Enzia Diaries: Pursuing Outcomes for Impact
Enzia Diaries: Pursuing Outcomes for Impact
BY
Namita Dalmia & Karuna Jain
Jan 25, 2022

At Enzia, we envision a world where people have access to learning and productive work, the ability to stay healthy and a clean environment to prosper in. The three sectors - healthcare, education and environment - play a fundamental role.. However, all three sectors have been struggling with large, systemic issues over decades which manifest as “outcomes gaps”. These gaps occur when actual outcomes are not at par with the desired/intended outcomes i.e., they fall short of reaching the optimal state. 

Why outcomes matter

Organizations are fundamentally built to solve problems and provide services and products that better the lives of their customers. Hence, pursuing customer outcomes is a holy grail for any company or industry. 

In the fundamental sectors of healthcare, education and environment, we can argue that they matter even more. Here, they lead to core impact on the customers’ lives, often with a cascading effect on their immediate ecosystems. E.g., an upskilling platform for women improves employability and career prospects for an individual woman, and at the same time elevates chances of higher household income and standard of living for her entire family.

An outcomes-focused approach also enables a company to build better organisational culture. Defining outcomes clearly plays a strong role in aligning people, giving them a common goal - or rather, a mission, given the fundamentality of the impact(s) these outcomes bring - to pursue with inspiration.

Further, contrary to conventional belief, focus on ensuring customer outcomes is fundamental to better financial success of the company.

Companies that focus on customer outcomes early on are able to build better customer value propositions in terms of satisfaction, access and affordability. By regularly analysing the data on these parameters, companies can gain the right strategic and operational insights, which can further help them improve their product/service for better customer experience. Happy customers lead to more customers, i.e., companies that build their brands on customer success attract even more customers organically, driving down acquisition costs, boosting revenue, and eventually becoming profitable.

The top offline education and health institutions speak for their reputation and credibility. Time and again, they have demonstrated outcomes: students have achieved their dreams and patients have become healthier. Most of the new age businesses in healthcare, education and even environment, who are yet to prove such outcomes for their customers, could take a leaf out of their book. For purpose-driven companies in these spaces, defining and measuring their ultimate outcomes – learning & employment outcomes, patient outcomes or general health outcomes, reduced GHG emissions – are key to realizing their mission and vision.

The challenges

Defining and measuring customer outcomes are easier said than done. Especially in healthcare, education and environment, one of the biggest challenges is that many outcomes are multidimensional, intangible and cascading. They also often lead to unintended effects on other sectors, sections of society, and geographies. Further, especially for early-stage companies, measurement is both time- and resource-intensive, and thus difficult to achieve in a consistent manner.

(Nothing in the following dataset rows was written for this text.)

(* Let $(A, b, c)$ be a $k$-level LP instance such that, except for the last ($k$-th) player's problem, there are no linear constraints (i.e., $m_l = 0$ for all $l = 1, \ldots, k-1$; all linear constraints appear only in the $k$-th player's problem). Then, for any $\lambda \in \mathbb{R}$ with $\lambda > 0$, the feasible set of the instance $(A, \lambda b, c)$ equals $\lambda$ times the feasible set of the instance $(A, b, c)$.
   Context: A $k$-level LP instance $(A,b,c)$ has data $A_{li} \in \mathbb{Q}^{m_l \times n_i}$, $b_l \in \mathbb{Q}^{m_l}$, $c_{li} \in \mathbb{Q}^{n_i}$. Player $l$ chooses $x_l \in \mathbb{R}^{n_l}$ after players $1,\ldots,l-1$. The $l$-th player's problem, given $x_1,\ldots,x_{l-1}$, is $\inf_{x_l,\ldots,x_k}\{\sum_{i=l}^k c_{li}^\top x_i : \sum_{i=1}^k A_{li}x_i \ge b_l,\ (x_{l+1},\ldots,x_k) \in \mathcal{S}(\text{problem of player } l+1 \text{ given } x_1,\ldots,x_l)\}$, and the $k$-th player's problem is $\inf_{x_k}\{c_{kk}^\top x_k : \sum_{i=1}^k A_{ki}x_i \ge b_k\}$. The instance is identified with the first player's problem; its feasible set is the set of feasible $(x_1,\ldots,x_k)$ of the first player's problem. $\mathcal{S}(\cdot)$ denotes the optimal solution set (optimistic setting). *)

From HB Require Import structures.
From mathcomp Require Import all_boot all_order all_algebra.
From mathcomp Require Import reals.
Set Implicit Arguments. Unset Strict Implicit. Unset Printing Implicit Defensive.
Import Order.TTheory GRing.Theory Num.Theory.
Local Open Scope ring_scope.

(* Levels/players are indexed by 'I_k (player l+1 in the paper is index l).
   n i : number of variables of player i, m l : number of constraints of
   player l. *)

Section MultiLevelLP.
Variables (R : realType) (k : nat) (m n : 'I_k -> nat).
Variables (A : forall l i : 'I_k, 'M[R]_(m l, n i))
          (b : forall l : 'I_k, 'cV[R]_(m l))
          (c : forall l i : 'I_k, 'cV[R]_(n i)).

Definition profile := forall i : 'I_k, 'cV[R]_(n i).

Definition mlp_constr (l : 'I_k) (x : profile) : Prop :=
  forall r : 'I_(m l), b l r 0 <= (\sum_(i : 'I_k) A l i *m x i) r 0.

Definition mlp_obj (l : 'I_k) (x : profile) : R :=
  \sum_(i : 'I_k | (l <= i)%N) ((c l i)^T *m x i) 0 0.

(* mlp_feas_from d x : x is feasible for the problem of the player at level
   k - d (0-based), given the decisions x_i, i < k - d, of earlier players.
   The tail from level (k-d)+1 must lie in the optimal solution set
   (optimistic setting) of the next player's problem given the prefix. *)
Fixpoint mlp_feas_from (d : nat) (x : profile) : Prop :=
  match d with
  | 0 => True
  | d'.+1 =>
      (forall l : 'I_k, val l = (k - d'.+1)%N -> mlp_constr l x) /\
      mlp_feas_from d' x /\
      (match d' with
       | 0 => True
       | _.+1 =>
           forall y : profile,
             (forall i : 'I_k, (i < k - d')%N -> y i = x i) ->
             mlp_feas_from d' y ->
             forall l : 'I_k, val l = (k - d')%N -> mlp_obj l x <= mlp_obj l y
       end)
  end.

Definition mlp_feasible_set : profile -> Prop := mlp_feas_from k.

End MultiLevelLP.

Definition scale_profiles (R : realType) (k : nat) (n : 'I_k -> nat)
  (lam : R) (S : profile R n -> Prop) : profile R n -> Prop :=
  fun x => exists y, S y /\ x = (fun i => lam *: y i).

From HB Require Import structures.
From mathcomp Require Import all_boot all_order all_algebra.
From mathcomp Require Import reals.
From Stdlib Require Import FunctionalExtensionality PropExtensionality.
Set Implicit Arguments. Unset Strict Implicit.
Import Order.TTheory GRing.Theory Num.Theory.
Local Open Scope ring_scope.

(* Every level's data is positively homogeneous in (x, b): scaling the profile
   and all right-hand sides by a > 0 scales every constraint and every
   objective by a, hence preserves feasibility and the optimality comparisons
   of the followers, level by level.  The same argument works whatever the
   numbers m_l are. *)

Section ScaleRhs.
Variables (R : realType) (k : nat) (m n : 'I_k -> nat).
Variables (A : forall l i : 'I_k, 'M[R]_(m l, n i))
          (b : forall l : 'I_k, 'cV[R]_(m l))
          (c : forall l i : 'I_k, 'cV[R]_(n i)).
Variables (a : R) (a_gt0 : 0 < a).

Definition scale_profile (s : R) (x : profile R n) : profile R n :=
  fun i => s *: x i.

Let a_neq0 : a != 0. Proof. by rewrite gt_eqF. Qed.

Lemma scale_profileK : cancel (scale_profile a^-1) (scale_profile a).
Proof.
move=> x; apply: functional_extensionality_dep => i.
by rewrite /scale_profile scalerA divff // scale1r.
Qed.

Lemma forall_scale_profile (P : profile R n -> Prop) :
  (forall z, P z) <-> (forall z, P (scale_profile a z)).
Proof. by split=> hP z //; rewrite -[z]scale_profileK. Qed.

Lemma scale_profile_inj (y z : profile R n) (i : 'I_k) :
  scale_profile a z i = scale_profile a y i <-> z i = y i.
Proof. by rewrite /scale_profile; split=> [/(scalerI a_neq0)|->]. Qed.

Lemma mlp_constr_scale (l : 'I_k) (y : profile R n) :
  mlp_constr A (fun l => a *: b l) l (scale_profile a y) <-> mlp_constr A b l y.
Proof.
have lhsE : \sum_i A l i *m scale_profile a y i = a *: \sum_i A l i *m y i.
  by rewrite scaler_sumr; apply: eq_bigr => i _; rewrite scalemxAr.
by rewrite /mlp_constr lhsE; split=> h r; have := h r; rewrite !mxE ler_pM2l.
Qed.

Lemma mlp_obj_scale (l : 'I_k) (y : profile R n) :
  mlp_obj c l (scale_profile a y) = a * mlp_obj c l y.
Proof.
rewrite /mlp_obj mulr_sumr; apply: eq_bigr => i _.
by rewrite -scalemxAr mxE.
Qed.

Lemma optimal_tail_scale (P' P : profile R n -> Prop) (j j' : nat)
    (y : profile R n) :
  (forall z, P' (scale_profile a z) <-> P z) ->
  (forall z, (forall i : 'I_k, (i < j)%N -> z i = scale_profile a y i) ->
     P' z -> forall l : 'I_k, val l = j' ->
     mlp_obj c l (scale_profile a y) <= mlp_obj c l z) <->
  (forall z, (forall i : 'I_k, (i < j)%N -> z i = y i) ->
     P z -> forall l : 'I_k, val l = j' -> mlp_obj c l y <= mlp_obj c l z).
Proof.
move=> hP; rewrite forall_scale_profile.
split=> hopt z hzy /hP hz l hl.
- by rewrite -(ler_pM2l a_gt0) -!mlp_obj_scale hopt // => i /hzy /scale_profile_inj.
- by rewrite !mlp_obj_scale ler_pM2l // hopt // => i /hzy /scale_profile_inj.
Qed.

Lemma mlp_feas_from_scale (d : nat) (y : profile R n) :
  mlp_feas_from A (fun l => a *: b l) c d (scale_profile a y) <->
  mlp_feas_from A b c d y.
Proof.
elim: d y => [|d IH] y //=.
have constrE :
    (forall l : 'I_k, val l = (k - d.+1)%N ->
       mlp_constr A (fun l => a *: b l) l (scale_profile a y)) <->
    (forall l : 'I_k, val l = (k - d.+1)%N -> mlp_constr A b l y).
  by split=> h l /h; rewrite mlp_constr_scale.
case: d IH constrE => [|d] IH constrE; first by have := IH y; tauto.
by have := IH y; have := optimal_tail_scale (k - d.+1) (k - d.+1) y IH; tauto.
Qed.

End ScaleRhs.

Theorem lemma3p2 (R : realType) (k : nat) (m n : 'I_k -> nat)
  (A : forall l i : 'I_k, 'M[R]_(m l, n i))
  (b : forall l : 'I_k, 'cV[R]_(m l))
  (c : forall l i : 'I_k, 'cV[R]_(n i))
  (hm : forall l : 'I_k, (val l < k.-1)%N -> m l = 0%N)
  (lam : R) (hlam : 0 < lam) :
  mlp_feasible_set A (fun l => lam *: b l) c =
  scale_profiles lam (mlp_feasible_set A b c).
Proof.
apply: functional_extensionality => x; apply: propositional_extensionality.
rewrite /mlp_feasible_set /scale_profiles; split.
- move=> feas_x; exists (scale_profile lam^-1 x).
  split; last by rewrite -{1}[x](scale_profileK hlam).
  by apply/(mlp_feas_from_scale A b c hlam); rewrite scale_profileK.
- by move=> [y [feas_y ->]]; apply/(mlp_feas_from_scale A b c hlam).
Qed.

Companies need to sift through the various outcomes of their product/service and identify which of them can be long-term, commercially viable, and bring tangible value to the company. This process can be an uphill journey. It is important that collaborators in the start-up ecosystem acknowledge these issues and come together to address them.  

Our approach

At Enzia, we partner with companies at early stages thus taking bold bets, informed by our thesis-driven and outcomes-based approach. Our approach sharply focuses on customer-centricity and customer-outcomes juxtaposed with the size of opportunity. We thus identify the right business models that have the potential to not only be large but also long-lasting. and help them inculcate the outcomes-based approach in their product/service and organisational culture early on. 

We do this through two broad actions – a) we help our portfolio companies identify their north star metric and b) we build the tools and frameworks for measurement, course correction and achievement of the right parameters along their lifecycle. The results are evident: high customer acquisition and retention rates, consistently positive customer feedback, and in some cases, customers’ interests in investing in the company itself. In this series, we pause to take a look at their journeys to customer success so far, and what lies ahead.